=== Section Start ===

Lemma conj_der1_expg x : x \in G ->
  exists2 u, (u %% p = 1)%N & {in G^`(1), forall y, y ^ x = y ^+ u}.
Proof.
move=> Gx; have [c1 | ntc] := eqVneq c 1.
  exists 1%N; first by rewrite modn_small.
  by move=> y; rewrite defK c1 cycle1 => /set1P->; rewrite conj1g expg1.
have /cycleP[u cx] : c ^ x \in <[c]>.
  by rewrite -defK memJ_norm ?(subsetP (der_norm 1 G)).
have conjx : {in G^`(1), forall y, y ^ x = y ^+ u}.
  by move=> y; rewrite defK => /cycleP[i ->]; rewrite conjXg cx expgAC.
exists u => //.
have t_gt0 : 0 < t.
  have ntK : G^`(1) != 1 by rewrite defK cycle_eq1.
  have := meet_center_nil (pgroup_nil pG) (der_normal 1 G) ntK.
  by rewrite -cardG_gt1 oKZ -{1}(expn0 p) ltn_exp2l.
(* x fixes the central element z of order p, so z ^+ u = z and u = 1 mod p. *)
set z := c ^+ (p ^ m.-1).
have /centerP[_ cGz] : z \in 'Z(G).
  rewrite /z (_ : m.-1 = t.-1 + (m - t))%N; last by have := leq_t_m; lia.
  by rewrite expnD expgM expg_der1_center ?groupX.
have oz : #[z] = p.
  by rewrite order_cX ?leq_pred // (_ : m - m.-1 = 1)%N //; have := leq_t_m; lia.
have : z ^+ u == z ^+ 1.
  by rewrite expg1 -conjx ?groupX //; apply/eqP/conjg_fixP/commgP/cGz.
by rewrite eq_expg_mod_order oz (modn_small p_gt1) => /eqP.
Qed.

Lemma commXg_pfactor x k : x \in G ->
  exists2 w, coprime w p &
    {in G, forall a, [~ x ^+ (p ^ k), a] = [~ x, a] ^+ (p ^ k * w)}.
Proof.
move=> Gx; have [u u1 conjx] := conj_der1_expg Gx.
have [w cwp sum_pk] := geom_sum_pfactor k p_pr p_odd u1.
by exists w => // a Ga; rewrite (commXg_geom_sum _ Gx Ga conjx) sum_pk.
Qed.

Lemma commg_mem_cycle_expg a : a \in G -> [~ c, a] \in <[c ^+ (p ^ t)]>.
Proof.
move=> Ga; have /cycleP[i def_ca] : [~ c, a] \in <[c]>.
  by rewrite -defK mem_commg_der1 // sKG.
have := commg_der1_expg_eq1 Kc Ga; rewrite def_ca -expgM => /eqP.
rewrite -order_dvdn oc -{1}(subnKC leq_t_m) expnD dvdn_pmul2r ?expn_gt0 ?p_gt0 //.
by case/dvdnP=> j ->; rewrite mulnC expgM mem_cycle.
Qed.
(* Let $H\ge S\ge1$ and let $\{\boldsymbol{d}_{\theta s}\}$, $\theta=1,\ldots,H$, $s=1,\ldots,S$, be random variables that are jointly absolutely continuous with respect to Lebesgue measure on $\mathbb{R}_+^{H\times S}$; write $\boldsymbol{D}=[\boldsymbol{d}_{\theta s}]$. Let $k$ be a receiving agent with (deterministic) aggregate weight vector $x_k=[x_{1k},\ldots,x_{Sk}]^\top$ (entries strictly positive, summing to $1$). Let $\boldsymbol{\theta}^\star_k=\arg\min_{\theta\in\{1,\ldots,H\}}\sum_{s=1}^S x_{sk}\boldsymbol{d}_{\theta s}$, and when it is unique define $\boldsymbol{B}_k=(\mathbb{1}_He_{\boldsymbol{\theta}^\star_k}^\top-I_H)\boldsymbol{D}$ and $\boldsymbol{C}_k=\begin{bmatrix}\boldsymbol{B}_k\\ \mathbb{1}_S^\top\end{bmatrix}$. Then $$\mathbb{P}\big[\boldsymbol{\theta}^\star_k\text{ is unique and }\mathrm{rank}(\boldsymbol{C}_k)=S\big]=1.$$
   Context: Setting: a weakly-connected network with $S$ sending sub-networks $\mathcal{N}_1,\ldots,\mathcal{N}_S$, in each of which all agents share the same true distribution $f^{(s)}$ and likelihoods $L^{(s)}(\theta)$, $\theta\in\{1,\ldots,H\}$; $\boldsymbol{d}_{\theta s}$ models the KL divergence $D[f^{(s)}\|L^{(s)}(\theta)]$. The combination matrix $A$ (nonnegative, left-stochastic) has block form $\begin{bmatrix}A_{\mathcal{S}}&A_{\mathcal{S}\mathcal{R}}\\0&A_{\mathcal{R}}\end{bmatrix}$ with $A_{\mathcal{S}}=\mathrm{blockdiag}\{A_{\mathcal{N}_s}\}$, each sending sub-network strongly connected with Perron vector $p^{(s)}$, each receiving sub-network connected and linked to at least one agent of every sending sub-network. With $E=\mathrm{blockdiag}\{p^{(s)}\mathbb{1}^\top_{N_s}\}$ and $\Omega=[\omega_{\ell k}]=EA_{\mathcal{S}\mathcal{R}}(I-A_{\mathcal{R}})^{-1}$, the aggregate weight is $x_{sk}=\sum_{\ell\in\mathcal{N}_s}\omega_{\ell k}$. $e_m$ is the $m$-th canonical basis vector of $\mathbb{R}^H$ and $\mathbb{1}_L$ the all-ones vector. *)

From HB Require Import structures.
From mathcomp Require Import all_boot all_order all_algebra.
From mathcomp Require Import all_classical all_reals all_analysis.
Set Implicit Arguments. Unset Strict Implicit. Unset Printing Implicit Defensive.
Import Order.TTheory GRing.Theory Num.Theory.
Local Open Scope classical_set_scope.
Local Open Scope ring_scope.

=== Section End ===

(TASK TO COMPLETE)
Only the number is wanted. Count the lines above that include the word "move".

(COMPLETED TASK)
5